Petco Settlement Reached

November 17, 2004

By Robert McMillan, IDG News Service

The U.S. Federal Trade Commission has reached a settlement with pet food retailer Petco Animal Supplies of charges that the company's Web site violated federal law by making deceptive security claims.

A security flaw in Petco's Web site left customers' credit card numbers exposed to attackers. The FTC alleges that Petco did not take reasonable measures to protect its Web site and made deceptive claims in stating that customers' credit card numbers would be "shielded from unauthorized access."

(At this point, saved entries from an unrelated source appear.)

Lemma cv_of_sqrt_bound (u : nat -> R) (C : R) (N : nat) : 0 < C ->
  (forall n, (N <= n)%nat -> 0 <= u n <= C * sqrt (/ INR n)) -> Un_cv u 0.
Proof.
  intros HC Hu eps Heps.
  set (x := (C / eps) ^ 2).
  assert (Hx : 0 < x) by (apply pow_lt, Rdiv_lt_0_compat; lra).
  exists (Nat.max N (nfloor x + 1)). intros n Hn.
  destruct (nfloor_spec x ltac:(lra)) as [_ Hf].
  assert (Hnx : x < INR n).
  { assert (Hle : (nfloor x + 1 <= n)%nat) by lia. apply le_INR in Hle.
    rewrite plus_INR in Hle. simpl in Hle. lra. }
  destruct (Hu n ltac:(lia)) as [Hlo Hhi].
  unfold R_dist. rewrite Rminus_0_r, Rabs_right by lra.
  assert (Hq : sqrt (/ INR n) < eps / C).
  { rewrite <- (sqrt_pow2 (eps / C)) by (left; apply Rdiv_lt_0_compat; lra).
    apply sqrt_lt_1_alt. split; [left; apply Rinv_0_lt_compat; lra|].
    replace ((eps / C) ^ 2) with (/ x) by (unfold x; field; lra).
    apply Rinv_lt_contravar; nra. }
  apply (Rmult_lt_compat_l C) in Hq; [|exact HC].
  replace (C * (eps / C)) with eps in Hq by (field; lra). lra.
Qed.

Section DoubleSumBound.
Variables (K : R -> R -> R) (T C1 alpha t0 t1 t2 t3 : R) (n : nat).
Hypotheses (hT : 0 < T) (hsym : cov_symmetric K) (hpsd : cov_psd K).
Hypotheses (hC1 : 0 < C1) (halpha : 1 < alpha /\ alpha <= 3/2).
Hypotheses (hi : cond_i K T C1) (hii : cond_ii K T C1 alpha).
Hypotheses (h01 : 0 <= t0) (h1 : t0 < t1) (h2 : t1 <= t2) (h3 : t2 < t3) (h4 : t3 <= T).
Hypotheses (Hn : (1 <= n)%nat) (Hnt2 : 4 <= INR n * t2).

Let N (t : R) : nat := nfloor (INR n * t / 2).

Lemma N_mono t t' : 0 <= t -> t <= t' -> (N t <= N t')%nat.
Proof.
  intros Ht Htt'. pose proof (INR_n_pos n Hn).
  apply nfloor_mono; [|apply Rmult_le_compat_r; [|apply Rmult_le_compat_l]]; try lra.
  apply Rmult_le_pos; [apply Rmult_le_pos|]; lra.
Qed.

Lemma N2_pos : (1 <= N t2)%nat.
Proof.
  pose proof (INR_n_pos n Hn).
  destruct (nfloor_spec (INR n * t2 / 2)) as [_ Hf]; [apply Rmult_le_pos; lra|].
  destruct (Nat.le_gt_cases 1 (N t2)) as [Hpos|Hzero]; [exact Hpos|].
  unfold N in Hzero. replace (nfloor (INR n * t2 / 2)) with 0%nat in Hf by lia. simpl in Hf. lra.
Qed.

Lemma N3_in_range m : (m <= 2 * N t3)%nat -> INR m / INR n <= T.
Proof.
  intros Hm. pose proof (INR_n_pos n Hn).
  destruct (nfloor_spec (INR n * t3 / 2)) as [Hf _]; [apply Rmult_le_pos; nra|].
  apply le_INR in Hm. rewrite mult_INR in Hm. simpl in Hm. fold (N t3) in Hf.
  apply (Rmult_le_reg_l (INR n)); [lra|]. unfold Rdiv.
  rewrite <- Rmult_assoc, (Rmult_comm (INR n)), Rmult_assoc, Rinv_r by lra. nra.
Qed.

Lemma decay_part_le :
  sumN (N t1 - N t0) (fun i => sumN (N t3 - N t2) (fun l =>
    64 * C1 ^ 2 * / INR n / (INR ((N t2 + 1 + l) - (N t0 + 1 + i)) + 1) ^ 2))
  <= 256 * C1 ^ 2 * sqrt T * sqrt (/ INR n).
Proof.
  pose proof (INR_n_pos n Hn). pose proof (pow2_ge_0 C1).
  assert (Hs : 0 < / INR n) by (apply Rinv_0_lt_compat; lra).
  pose proof (N_mono t1 t2 ltac:(lra) h2). pose proof (N_mono t2 t3 ltac:(lra) ltac:(lra)).
  set (P := (N t1 - N t0)%nat).
  rewrite (sumN_ext P _ (fun i => 64 * C1 ^ 2 * / INR n *
      sumN (N t3 - N t2) (fun l => / ((INR (N t2 - N t0 - i) + 1) + INR l) ^ 2))).
  2:{ intros i Hi. unfold P in Hi. rewrite <- sumN_scal. apply sumN_ext. intros l _.
      unfold Rdiv. f_equal. f_equal. f_equal.
      replace (N t2 + 1 + l - (N t0 + 1 + i))%nat with (N t2 - N t0 - i + l)%nat by lia.
      rewrite plus_INR. ring. }
  rewrite sumN_scal.
  pose proof (decay_rectangle_le (N t2 - N t0) P (N t3 - N t2) ltac:(unfold P; lia)) as Hdec.
  (* P <= n T, hence s sqrt P <= sqrt s sqrt T *)
  assert (HP : INR P <= INR n * T).
  { assert (Hle : (2 * P <= 2 * N t3)%nat) by (unfold P; lia).
    pose proof (N3_in_range _ Hle) as HPT. rewrite mult_INR in HPT. simpl in HPT.
    pose proof (pos_INR P). unfold Rdiv in HPT.
    apply (Rmult_le_compat_l (INR n)) in HPT; [|lra].
    replace (INR n * ((1 + 1) * INR P * / INR n)) with (2 * INR P) in HPT by (field; lra). lra. }
  assert (Hsq : / INR n * sqrt (INR P) <= sqrt T * sqrt (/ INR n)).
  { assert (E : / INR n * sqrt (INR P) = sqrt (/ INR n) * sqrt (/ INR n * INR P)).
    { rewrite sqrt_mult_alt by lra. rewrite <- Rmult_assoc, sqrt_sqrt by lra. reflexivity. }
    rewrite E, Rmult_comm. apply Rmult_le_compat_r; [apply sqrt_pos|]. apply sqrt_le_1_alt.
    apply (Rmult_le_reg_l (INR n)); [lra|].
    replace (INR n * (/ INR n * INR P)) with (INR P) by (field; lra). lra. }
  apply Rle_trans with (64 * C1 ^ 2 * (4 * (/ INR n * sqrt (INR P)))).
  - rewrite Rmult_assoc. apply Rmult_le_compat_l; [lra|]. nra.
  - nra.
Qed.

Lemma first_row_part_le :
  sumN (N t1 - N t0) (fun i => sumN (N t3 - N t2) (fun l =>
    if Nat.eqb (N t0 + 1 + i) 1
    then beta K n 0 (2 * (N t2 + 1 + l) - 1) ^ 2 + beta K n 0 (2 * (N t2 + 1 + l) - 2) ^ 2
    else 0))
  <= 16 * C1 ^ 2 * sqrt T * sqrt (/ INR n).
Proof.
  pose proof N2_pos. pose proof (N_mono t2 t3 ltac:(lra) ltac:(lra)).
  set (X := sumN (N t3 - N t2) (fun l =>
    beta K n 0 (2 * (N t2 + 1 + l) - 1) ^ 2 + beta K n 0 (2 * (N t2 + 1 + l) - 2) ^ 2)).
  assert (HX : X <= 16 * C1 * sqrt T * (C1 * sqrt (/ INR n))).
  { unfold X. rewrite (sumN_pairs (fun c => beta K n 0 c ^ 2)).
    apply (beta0_bessel K n T C1 alpha); try assumption; try lia; apply N3_in_range; lia. }
  assert (HX0 : 0 <= X).
  { apply sumN_nonneg. intros. pose proof (pow2_ge_0 (beta K n 0 (2 * (N t2 + 1 + i) - 1))).
    pose proof (pow2_ge_0 (beta K n 0 (2 * (N t2 + 1 + i) - 2))). lra. }
  rewrite (sumN_ext _ _ (fun i => if Nat.eqb (N t0 + 1 + i) 1 then X else 0)).
  - pose proof (sumN_first_only (N t1 - N t0) (N t0) X HX0). lra.
  - intros i _. destruct (Nat.eqb _ _); [reflexivity| apply sumN_zero].
Qed.

Lemma double_sum_le :
  0 <= double_sum K t0 t1 t2 t3 n <= 272 * C1 ^ 2 * sqrt T * sqrt (/ INR n).
Proof.
  rewrite double_sum_rectangle. fold (N t0) (N t1) (N t2) (N t3).
  split.
  - apply sumN_nonneg. intros i _. apply sumN_nonneg. intros l _. apply Rabs_pos.
  - pose proof (N_mono t1 t2 ltac:(lra) h2). pose proof N2_pos.
    eapply Rle_trans.
    { apply sumN_le. intros i Hi. apply sumN_le. intros l Hl.
      apply (summand_bound K n T C1 alpha); try assumption; try lia. apply N3_in_range. lia. }
    rewrite (sumN_ext _ _ (fun i => _ + _)) by (intros; apply sumN_plus).
    rewrite sumN_plus.
    pose proof decay_part_le. pose proof first_row_part_le. lra.
Qed.
End DoubleSumBound.

Theorem lemma6p1 (K : R -> R -> R) (T : R) (hT : 0 < T)
  (hG : gaussian_cov K)
  (C1 C3 alpha gamma : R) (hC1 : 0 < C1) (hC3 : 0 < C3)
  (halpha : 1 < alpha /\ alpha <= 3/2) (hgamma : 0 < gamma)
  (hi : cond_i K T C1) (hii : cond_ii K T C1 alpha) (hiv : cond_iv K T C3 gamma)
  (t0 t1 t2 t3 : R) (h01 : 0 <= t0) (h1 : t0 < t1) (h2 : t1 <= t2) (h3 : t2 < t3)
  (h4 : t3 <= T) :
  Un_cv (double_sum K t0 t1 t2 t3) 0.
Proof.
  destruct hG as [hsym [hpsd _]].
  assert (Ht2 : 0 < t2) by lra.
  (* for n > 4 / t2 the bound of [double_sum_le] applies *)
  apply (cv_of_sqrt_bound _ (272 * C1 ^ 2 * sqrt T) (nfloor (4 / t2) + 1)).
  - pose proof (sqrt_lt_R0 T hT). pose proof (pow_lt C1 2 hC1). nra.
  - intros n Hn.
    destruct (nfloor_spec (4 / t2)) as [_ Hf]; [apply Rlt_le, Rdiv_lt_0_compat; lra|].
    apply le_INR in Hn. rewrite plus_INR in Hn. simpl in Hn.
    assert (Hn1 : (1 <= n)%nat) by (apply INR_le; simpl; pose proof (pos_INR (nfloor (4 / t2))); lra).
    assert (Hnt2 : 4 <= INR n * t2).
    { apply (Rmult_le_compat_r t2) in Hn; [|lra].
      unfold Rdiv in Hf. replace 4 with (4 * / t2 * t2) by (field; lra). nra. }
    apply (double_sum_le K T C1 alpha); assumption.
Qed.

This flaw was exploited in a June 2003 attack on in which a visitor was able to read customer data stored in Petco's database. According to Petco, the attack was perpetrated by an independent security consultant named Jeremiah Jacks, who immediately informed Petco of the vulnerability.

The vulnerability exposed only a limited amount of customer information, a Petco spokesman said. "What he got was credit card numbers, but there was no other customer information accompanying those numbers," he said.

Under the terms of the settlement, announced Wednesday, Petco is prohibited from misrepresenting the security of its Web site and must establish a comprehensive security information program, which will be subject to independent audits for the next 20 years, said Alain Sheer, an attorney in the FTC's Division of Financial Practices.

Petco could be held in contempt of court if it violates the agreement, Sheer said.

It should help to deter other companies from ignoring and misrepresenting security vulnerabilities on their Web sites, he added. "Obviously there's some pretty bad publicity here," Sheer said. "We think that should be a deterrent."

The FTC has reached similar settlements with Eli Lilly, Microsoft, Guess and Tower Direct, Sheer said.

"Petco is committed to keeping all customer information obtained through our Web site and stores private and secure," the Petco spokesman said.